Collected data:
..........

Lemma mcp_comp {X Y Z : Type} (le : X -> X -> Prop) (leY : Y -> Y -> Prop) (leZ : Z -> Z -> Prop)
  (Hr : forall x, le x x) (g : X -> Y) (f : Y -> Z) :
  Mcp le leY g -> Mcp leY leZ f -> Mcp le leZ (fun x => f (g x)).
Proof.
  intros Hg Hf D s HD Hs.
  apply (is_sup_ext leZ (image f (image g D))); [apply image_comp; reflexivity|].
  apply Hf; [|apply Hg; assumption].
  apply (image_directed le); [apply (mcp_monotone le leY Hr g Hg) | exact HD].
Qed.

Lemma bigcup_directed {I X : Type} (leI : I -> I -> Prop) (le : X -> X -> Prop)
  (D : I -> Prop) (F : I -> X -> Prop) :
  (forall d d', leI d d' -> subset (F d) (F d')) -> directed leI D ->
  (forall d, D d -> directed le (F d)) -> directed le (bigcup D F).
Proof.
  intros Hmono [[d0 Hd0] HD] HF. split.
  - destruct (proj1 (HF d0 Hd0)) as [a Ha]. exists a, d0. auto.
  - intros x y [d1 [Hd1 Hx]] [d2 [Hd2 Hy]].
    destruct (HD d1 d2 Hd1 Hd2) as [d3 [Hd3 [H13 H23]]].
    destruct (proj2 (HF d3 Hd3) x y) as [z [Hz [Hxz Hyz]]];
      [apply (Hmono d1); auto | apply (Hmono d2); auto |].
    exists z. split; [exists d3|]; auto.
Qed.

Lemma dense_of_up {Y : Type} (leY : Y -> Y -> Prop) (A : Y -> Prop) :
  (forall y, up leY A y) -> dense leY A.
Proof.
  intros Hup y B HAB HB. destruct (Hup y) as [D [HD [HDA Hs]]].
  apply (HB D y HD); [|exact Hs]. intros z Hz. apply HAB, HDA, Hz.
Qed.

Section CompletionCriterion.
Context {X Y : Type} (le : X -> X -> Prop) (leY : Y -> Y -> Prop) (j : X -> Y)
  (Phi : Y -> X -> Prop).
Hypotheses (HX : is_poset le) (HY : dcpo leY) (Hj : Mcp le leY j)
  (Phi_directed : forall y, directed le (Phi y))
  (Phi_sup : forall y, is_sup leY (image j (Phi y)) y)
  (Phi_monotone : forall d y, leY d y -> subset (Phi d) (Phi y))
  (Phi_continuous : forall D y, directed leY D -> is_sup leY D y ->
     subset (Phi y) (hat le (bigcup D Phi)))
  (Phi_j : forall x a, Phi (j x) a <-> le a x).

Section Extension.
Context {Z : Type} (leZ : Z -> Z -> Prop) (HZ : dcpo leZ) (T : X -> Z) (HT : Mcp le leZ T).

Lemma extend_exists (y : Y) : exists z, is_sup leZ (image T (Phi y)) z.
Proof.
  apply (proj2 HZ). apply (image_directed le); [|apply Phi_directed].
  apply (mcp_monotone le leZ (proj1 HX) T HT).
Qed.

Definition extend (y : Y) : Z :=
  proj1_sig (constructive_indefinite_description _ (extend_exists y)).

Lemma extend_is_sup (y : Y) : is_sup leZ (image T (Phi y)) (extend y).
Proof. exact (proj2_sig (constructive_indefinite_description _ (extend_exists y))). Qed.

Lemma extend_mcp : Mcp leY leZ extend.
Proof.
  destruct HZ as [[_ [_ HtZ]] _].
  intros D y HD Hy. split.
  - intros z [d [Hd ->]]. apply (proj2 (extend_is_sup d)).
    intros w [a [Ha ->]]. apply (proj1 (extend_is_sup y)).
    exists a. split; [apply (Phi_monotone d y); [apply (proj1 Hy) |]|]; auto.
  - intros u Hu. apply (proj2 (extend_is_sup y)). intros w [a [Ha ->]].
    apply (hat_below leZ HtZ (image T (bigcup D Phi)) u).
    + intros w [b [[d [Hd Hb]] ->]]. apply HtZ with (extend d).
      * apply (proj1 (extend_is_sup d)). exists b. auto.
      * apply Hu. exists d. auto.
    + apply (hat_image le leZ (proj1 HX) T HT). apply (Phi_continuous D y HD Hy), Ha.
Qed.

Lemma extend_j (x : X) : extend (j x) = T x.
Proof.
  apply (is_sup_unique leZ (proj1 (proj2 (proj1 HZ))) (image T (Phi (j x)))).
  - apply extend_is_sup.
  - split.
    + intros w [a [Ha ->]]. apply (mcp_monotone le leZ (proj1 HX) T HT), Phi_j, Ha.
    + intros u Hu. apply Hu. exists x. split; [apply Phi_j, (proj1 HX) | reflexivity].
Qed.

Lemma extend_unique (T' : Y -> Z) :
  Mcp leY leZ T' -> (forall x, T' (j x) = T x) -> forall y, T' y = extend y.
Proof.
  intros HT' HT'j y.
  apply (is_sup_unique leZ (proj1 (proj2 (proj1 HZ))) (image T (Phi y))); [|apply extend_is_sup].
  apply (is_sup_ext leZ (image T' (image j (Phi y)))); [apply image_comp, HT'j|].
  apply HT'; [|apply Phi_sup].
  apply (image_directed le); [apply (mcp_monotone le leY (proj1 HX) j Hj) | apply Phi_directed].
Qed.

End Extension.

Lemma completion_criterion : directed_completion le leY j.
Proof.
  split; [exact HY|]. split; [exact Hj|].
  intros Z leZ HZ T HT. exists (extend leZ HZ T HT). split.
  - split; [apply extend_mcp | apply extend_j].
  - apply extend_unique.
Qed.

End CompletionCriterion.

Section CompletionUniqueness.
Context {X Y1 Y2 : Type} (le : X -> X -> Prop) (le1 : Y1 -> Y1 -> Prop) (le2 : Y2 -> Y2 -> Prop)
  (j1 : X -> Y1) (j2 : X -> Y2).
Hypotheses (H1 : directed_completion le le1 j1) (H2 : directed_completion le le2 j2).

..........

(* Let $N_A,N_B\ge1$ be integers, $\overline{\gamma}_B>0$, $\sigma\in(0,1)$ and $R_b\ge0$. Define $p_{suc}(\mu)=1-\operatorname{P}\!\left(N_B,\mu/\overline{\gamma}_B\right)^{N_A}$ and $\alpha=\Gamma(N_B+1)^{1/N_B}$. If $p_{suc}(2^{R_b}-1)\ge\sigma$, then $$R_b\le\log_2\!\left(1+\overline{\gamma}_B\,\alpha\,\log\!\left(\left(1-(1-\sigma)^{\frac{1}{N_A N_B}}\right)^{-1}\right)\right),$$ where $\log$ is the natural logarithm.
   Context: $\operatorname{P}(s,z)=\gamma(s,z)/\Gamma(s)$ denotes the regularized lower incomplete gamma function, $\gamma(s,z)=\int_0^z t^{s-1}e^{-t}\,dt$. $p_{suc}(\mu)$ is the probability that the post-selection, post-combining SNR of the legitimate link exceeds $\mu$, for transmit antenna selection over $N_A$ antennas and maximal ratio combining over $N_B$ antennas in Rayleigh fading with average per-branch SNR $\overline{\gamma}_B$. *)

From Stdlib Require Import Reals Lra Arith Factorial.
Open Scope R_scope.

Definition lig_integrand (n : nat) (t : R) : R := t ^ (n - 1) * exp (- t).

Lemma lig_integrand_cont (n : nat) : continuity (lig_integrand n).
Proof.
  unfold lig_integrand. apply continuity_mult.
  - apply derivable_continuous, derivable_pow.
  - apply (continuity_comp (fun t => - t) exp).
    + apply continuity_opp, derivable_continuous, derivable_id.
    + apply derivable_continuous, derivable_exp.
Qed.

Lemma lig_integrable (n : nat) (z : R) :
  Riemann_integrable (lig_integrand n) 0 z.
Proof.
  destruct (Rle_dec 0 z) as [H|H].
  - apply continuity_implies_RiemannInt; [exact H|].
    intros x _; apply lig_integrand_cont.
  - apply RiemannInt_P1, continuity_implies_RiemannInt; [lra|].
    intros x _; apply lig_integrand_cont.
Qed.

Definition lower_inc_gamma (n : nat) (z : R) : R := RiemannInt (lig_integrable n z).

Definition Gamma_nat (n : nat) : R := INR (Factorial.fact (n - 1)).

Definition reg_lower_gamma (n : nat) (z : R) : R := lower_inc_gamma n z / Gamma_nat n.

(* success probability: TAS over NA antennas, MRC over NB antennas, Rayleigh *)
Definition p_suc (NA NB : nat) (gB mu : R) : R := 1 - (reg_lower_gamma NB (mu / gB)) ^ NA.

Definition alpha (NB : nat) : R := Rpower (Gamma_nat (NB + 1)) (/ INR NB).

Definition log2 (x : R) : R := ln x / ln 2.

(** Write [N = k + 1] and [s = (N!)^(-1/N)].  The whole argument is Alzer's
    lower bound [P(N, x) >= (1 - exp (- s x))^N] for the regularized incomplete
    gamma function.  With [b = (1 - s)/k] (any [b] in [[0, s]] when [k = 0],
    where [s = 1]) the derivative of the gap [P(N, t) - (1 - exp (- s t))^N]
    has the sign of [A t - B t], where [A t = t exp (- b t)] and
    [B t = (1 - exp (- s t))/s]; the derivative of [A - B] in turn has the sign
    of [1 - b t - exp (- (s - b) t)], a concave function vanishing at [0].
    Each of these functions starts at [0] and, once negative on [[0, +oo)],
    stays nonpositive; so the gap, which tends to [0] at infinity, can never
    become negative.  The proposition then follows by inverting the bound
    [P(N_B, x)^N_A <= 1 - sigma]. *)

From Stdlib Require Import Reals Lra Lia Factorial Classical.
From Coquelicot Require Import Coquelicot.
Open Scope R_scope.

..........

Aim of the task: An exact, complete copy of the lines above from the one with "destruct (HD d1" through the one with "Section CompletionCriterion." is the whole answer.

The completed task:
    destruct (HD d1 d2 Hd1 Hd2) as [d3 [Hd3 [H13 H23]]].
    destruct (proj2 (HF d3 Hd3) x y) as [z [Hz [Hxz Hyz]]];
      [apply (Hmono d1); auto | apply (Hmono d2); auto |].
    exists z. split; [exists d3|]; auto.
Qed.

Lemma dense_of_up {Y : Type} (leY : Y -> Y -> Prop) (A : Y -> Prop) :
  (forall y, up leY A y) -> dense leY A.
Proof.
  intros Hup y B HAB HB. destruct (Hup y) as [D [HD [HDA Hs]]].
  apply (HB D y HD); [|exact Hs]. intros z Hz. apply HAB, HDA, Hz.
Qed.

Section CompletionCriterion.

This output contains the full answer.